Work instructions:
The result should be every line of the listing that holds the word "Hiso".

=== Section Start ===

Lemma far_vertex_angle_lt : vertex_angle z x y < sqrt 2 * s / m.
Proof.
  pose proof Hp2. pose proof Hq2. pose proof HM2.
  assert (Hgs : (c * c - s * s) * (c * c - s * s) + (2 * s * c) * (2 * s * c) = 1)
    by (replace 1 with ((c * c + s * s) * (c * c + s * s)) by (rewrite Hcs; ring); ring).
  rewrite (vertex_angle_tangent_form x sx y sy z (c * c - s * s) (2 * s * c)); try assumption;
    [| rewrite Esx; apply exp_param_sinh_pos; lra
     | rewrite Esx, Ex; apply exp_param_sq; lra
     | rewrite Esy, Ey; apply exp_param_sq; lra].
  fold D N.
  pose proof cot_numerator_pos as HD. pose proof far_tangent_ratio as Htan.
  set (M := m * m) in *. set (k := sqrt 2 * s / m).
  assert (HN : 0 < N) by (unfold N; rewrite Esy;
    pose proof (exp_param_sinh_pos q ltac:(lra)); assert (0 < s * c) by nra; nra).
  assert (HMc : 0 < M * M * (c * c) - s * s)
    by (assert (2 * M <= M * (c * c * M)) by nra; nra).
  pose proof (limit_tan_bound s c m (sqrt 2) Hs Hc Hcs Hm
                (sqrt_lt_R0 2 ltac:(lra)) (sqrt_sqrt 2 ltac:(lra)) Hlarge) as Hiso.
  fold M k in Hiso.
  destruct (far_angle_small s c m Hs Hc Hcs Hm Hlarge) as [Hk0 Hk1]. fold k in Hk0, Hk1.
  assert (HNU : N < (k + k ^ 3 / 3) * D).
  { assert (N * (M * M * (c * c) - s * s) < (k + k ^ 3 / 3) * D * (M * M * (c * c) - s * s))
      by nra.
    nra. }
  pose proof (tan_lower k ltac:(lra)) as Htk.
  assert (Hck : 0 < cos k) by (apply cos_gt_0; pose proof PI2_1; lra).
  apply angle_lt_of_tan; [exact HD | exact HN | pose proof PI2_1; lra |].
  apply Rlt_le_trans with (cos k * ((k + k ^ 3 / 3) * D)); nra.
Qed.

End FarTriangle.

Lemma exp_half_sq (L : R) : exp (L / 2) * exp (L / 2) = exp L.
Proof. rewrite <- exp_plus. f_equal. field. Qed.

Lemma exp_half_ln2 : exp (ln 2 / 2) = sqrt 2.
Proof.
  rewrite <- (sqrt_square (exp (ln 2 / 2))) by (left; apply exp_pos).
  rewrite exp_half_sq, exp_ln by lra. reflexivity.
Qed.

=== Section End ===

Solution for this problem:
                (sqrt_lt_R0 2 ltac:(lra)) (sqrt_sqrt 2 ltac:(lra)) Hlarge) as Hiso.
  fold M k in Hiso.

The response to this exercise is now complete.